Well. That sucks. He’s in a bad mood. But I need to slip into my first scheme immediately if I have any hope of pulling this off.

So I groan. “Oh… ohhhhh… ohhh.”

“What the hell is wrong with you?” Serpint asks, grabbing the bottle of whiskey that came with the food and pouring it into a glass.

“She’s experiencing discomfort,” the bot chirps.

“Something up, princess?” Serpint asks, turning his back to me to open the door to the fridge. He reaches in, grabs something and then turns, holding it in his hand so I can’t see what he has.

I squint my eyes at him because he’s squinting his eyes at me.

“Ohhhh… ohhh—”

“Cut the shit. I know what you’re doing.”

“What?” I ask, sitting up. Then for real, I squeak out a little gasp of pain because seriously, that pussy ring might be infected and it really does hurt like hell.

“Where did you get those clothes?” he asks.

I look down at his t-shirt and boxers, then back up at him. “Surely you didn’t expect me to stay naked all day.”

He takes a sip of his whiskey, then tosses a passion lime up in the air and catches it with the same hand.

I squint my eyes again and he grins. “Fancy a little passion lime, princess?”

“Uh… no. But thank you.”

“Why not?” he asks, stalking towards me. “Afraid it’ll bring your luminous flux levels up enough to make you glow the way you’re supposed to? Hmm?”

“What?” I put my hand over my heart. A spectacular attempt at indignation.

Which he does not buy. Because he pulls a folding knife out of his pocket and cuts the lime in half.

Good god. Just the smell of the little green fruit is enough to degrade my inhibitor.

I stand up and walk away. But the rapid motion makes the folds of my pussy rub against the new ring and I have to squeeze my legs together to put pressure on the shooting pain between my legs.

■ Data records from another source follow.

(* Let $D$ be an oriented graph and $D'$ a subdigraph of $D$. If $S$ is a minimum hull set of $D$ in the two-path convexity, then $|S\cap V(D')|\leq \overrightarrow{hn}_{P_3}(D')$.
   Context: An oriented graph is an orientation of a finite simple graph. The two-path interval function on an oriented graph $D$ is $I_{P_3}(u,v)=\{u,v\}$ together with all vertices $w$ with $(u,w),(w,v)\in A(D)$ or $(v,w),(w,u)\in A(D)$. For $S\subseteq V(D)$, $I_{P_3}(S)=\bigcup_{u,v\in S}I_{P_3}(u,v)$; $C$ is convex if $I_{P_3}(C)=C$; the convex hull of $S$ is the smallest convex set containing $S$; a hull set is a set whose convex hull is $V(D)$, and $\overrightarrow{hn}_{P_3}(D)$ is the minimum size of a hull set (computed in $D'$ itself for $\overrightarrow{hn}_{P_3}(D')$). *)

(* A digraph on a finite vertex type T is given by a vertex
   set V : {set T} and an arc relation a : rel T (arcs among vertices of V). *)
From mathcomp Require Import all_boot.
Set Implicit Arguments. Unset Strict Implicit. Unset Printing Implicit Defensive.

Definition oriented {T : finType} (a : rel T) : Prop :=
  (forall x, ~~ a x x) /\ (forall x y, a x y -> ~~ a y x).

Definition subdigraph {T : finType} (a : rel T) (V' : {set T}) (a' : rel T) : Prop :=
  forall x y, a' x y -> [/\ a x y, x \in V' & y \in V'].

Definition P3_interval {T : finType} (a : rel T) (u v : T) : {set T} :=
  [set u; v] :|: [set w | (a u w && a w v) || (a v w && a w u)].

Definition P3_interval_set {T : finType} (a : rel T) (S : {set T}) : {set T} :=
  \bigcup_(u in S) \bigcup_(v in S) P3_interval a u v.

Definition P3_convex {T : finType} (V : {set T}) (a : rel T) (C : {set T}) : bool :=
  (C \subset V) && (P3_interval_set a C == C).

Definition P3_hull {T : finType} (V : {set T}) (a : rel T) (S : {set T}) : {set T} :=
  \bigcap_(C : {set T} | P3_convex V a C && (S \subset C)) C.

Definition P3_hull_set {T : finType} (V : {set T}) (a : rel T) (S : {set T}) : bool :=
  (S \subset V) && (P3_hull V a S == V).

(* hull number: minimum size of a hull set (V itself is always a hull set
   when arcs stay inside V, so #|V| is a harmless default). *)
Definition P3_hull_number {T : finType} (V : {set T}) (a : rel T) : nat :=
  \big[minn/#|V|]_(S : {set T} | P3_hull_set V a S) #|S|.

Definition P3_min_hull_set {T : finType} (V : {set T}) (a : rel T) (S : {set T}) : bool :=
  P3_hull_set V a S && (#|S| == P3_hull_number V a).

(** Let S be a minimum hull set of D and S' a hull set of D'. Every convex set
    of D meets V(D') in a convex set of D', so a convex set of D containing S'
    contains the hull of S' in D', namely all of V(D'). Hence exchanging
    S ∩ V(D') for S' in S still yields a hull set of D, and minimality of S
    gives |S ∩ V(D')| <= |S'|. *)
From mathcomp Require Import all_boot.

Set Implicit Arguments.
Unset Strict Implicit.
Unset Printing Implicit Defensive.

Section P3Hull.

Variables (T : finType) (V : {set T}) (a : rel T).

Lemma subset_P3_interval_set (C : {set T}) : C \subset P3_interval_set a C.
Proof.
apply/subsetP => x xC; apply/bigcupP; exists x => //; apply/bigcupP.
by exists x => //; rewrite !inE eqxx.
Qed.

Lemma P3_convexE (C : {set T}) :
  P3_convex V a C = (C \subset V) && (P3_interval_set a C \subset C).
Proof. by rewrite /P3_convex eqEsubset subset_P3_interval_set andbT. Qed.

Lemma P3_hull_min (S C : {set T}) :
  P3_convex V a C -> S \subset C -> P3_hull V a S \subset C.
Proof.
by move=> convC SC; apply/subsetP => x /bigcapP; apply; rewrite convC SC.
Qed.

Lemma P3_hullS (S R : {set T}) :
  (forall C, P3_convex V a C -> R \subset C -> S \subset C) ->
  P3_hull V a S \subset P3_hull V a R.
Proof.
move=> SR; apply/subsetP => x xS; apply/bigcapP => C /andP[convC RC].
exact: subsetP (P3_hull_min convC (SR C convC RC)) x xS.
Qed.

Lemma P3_hull_number_min (S : {set T}) :
  P3_hull_set V a S -> P3_hull_number V a <= #|S|.
Proof.
move=> hullS; rewrite /P3_hull_number.
have : S \in index_enum {set T} by rewrite mem_index_enum.
elim: (index_enum _) => [|R r IHr] //; rewrite big_cons inE.
case/orP => [/eqP <-|Sr]; first by rewrite hullS geq_minl.
by case: (P3_hull_set V a R); rewrite ?geq_min IHr ?orbT.
Qed.

Lemma leq_P3_hull_number (n : nat) :
  n <= #|V| -> (forall S, P3_hull_set V a S -> n <= #|S|) ->
  n <= P3_hull_number V a.
Proof.
move=> nV nS; rewrite /P3_hull_number.
by elim/big_ind: _ => // m k nm nk; rewrite leq_min nm nk.
Qed.

End P3Hull.

Section Subdigraph.

Variables (T : finType) (a : rel T) (V' : {set T}) (a' : rel T).
Hypothesis subD' : subdigraph a V' a'.

Lemma P3_interval_subdigraph (u v : T) : u \in V' -> v \in V' ->
  P3_interval a' u v \subset P3_interval a u v :&: V'.
Proof.
move=> uV vV; apply/subsetP => z; rewrite !inE.
case/orP => [/orP[]/eqP-> | /orP[]/andP[arc1 arc2]]; rewrite ?eqxx ?uV ?vV ?orbT //.
all: by have [-> _ ->] := subD' arc1; have [-> _ _] := subD' arc2; rewrite !orbT.
Qed.

Lemma P3_interval_set_subdigraph (C : {set T}) :
  P3_interval_set a' (C :&: V') \subset P3_interval_set a C :&: V'.
Proof.
apply/subsetP => z /bigcupP[u /setIP[uC uV] /bigcupP[v /setIP[vC vV] zI]].
have /setIP[zIa zV] := subsetP (P3_interval_subdigraph uV vV) z zI.
rewrite inE zV andbT; apply/bigcupP; exists u => //.
by apply/bigcupP; exists v.
Qed.

Lemma P3_convex_subdigraph (V : {set T}) (C : {set T}) :
  P3_convex V a C -> P3_convex V' a' (C :&: V').
Proof.
rewrite !P3_convexE subsetIr => /andP[_ closedC] /=.
apply: subset_trans (P3_interval_set_subdigraph C) _.
exact: setSI.
Qed.

Lemma P3_hull_set_sub_convex (V : {set T}) (S' C : {set T}) :
  P3_hull_set V' a' S' -> P3_convex V a C -> S' \subset C -> V' \subset C.
Proof.
case/andP=> S'V' /eqP hullS' convC S'C.
rewrite -hullS'; apply: subset_trans (subsetIl C V').
by apply: P3_hull_min; [exact: P3_convex_subdigraph convC | rewrite subsetI S'C].
Qed.

Lemma P3_hull_set_exchange (S S' : {set T}) :
  P3_hull_set [set: T] a S -> P3_hull_set V' a' S' ->
  P3_hull_set [set: T] a ((S :\: V') :|: S').
Proof.
case/andP=> _ /eqP hullS hullS'; rewrite /P3_hull_set subsetT eqEsubset subsetT.
rewrite -{1}hullS; apply: P3_hullS => C convC.
rewrite subUset => /andP[SV'C S'C].
have V'C := P3_hull_set_sub_convex hullS' convC S'C.
by rewrite -(setID S V') subUset SV'C (subset_trans (subsetIr S V')).
Qed.

End Subdigraph.

Theorem proposition8 (T : finType) (a : rel T) (V' : {set T}) (a' : rel T)
  (S : {set T}) :
  oriented a -> subdigraph a V' a' ->
  P3_min_hull_set [set: T] a S ->
  #|S :&: V'| <= P3_hull_number V' a'.
Proof.
move=> _ subD' /andP[hullS /eqP minS].
apply: leq_P3_hull_number => [|S' hullS']; first by rewrite subset_leq_card ?subsetIr.
have := P3_hull_number_min (P3_hull_set_exchange subD' hullS hullS').
rewrite -minS -(cardsID V' S) addnC => /leq_trans/(_ (leq_card_setU _ _)).
by rewrite leq_add2l.
Qed.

“Oh, shit,” I say. Then I turn on my best, demure, sad, I’m-a-damsel-in-distress face and say, “Really. There’s something wrong with me, Serpint. I think I need to go to medical.”

“Need a little passion lime boost, maybe?”

“Enough with the jokes, OK? I’ve been mutilated by that rogue bot and now my most cherished lady parts are infected.”

He glares at me. “Eat this first. Then after I check you and find you’re telling the truth, I’ll send a medical bot up to take care of it.”

“A bot?” I shout. “A bot is what did this to me! I want to see a real medical professional. And I can’t eat that,” I say, pointing to the fruit.

“Because it will blow your cover and out you as a princess?”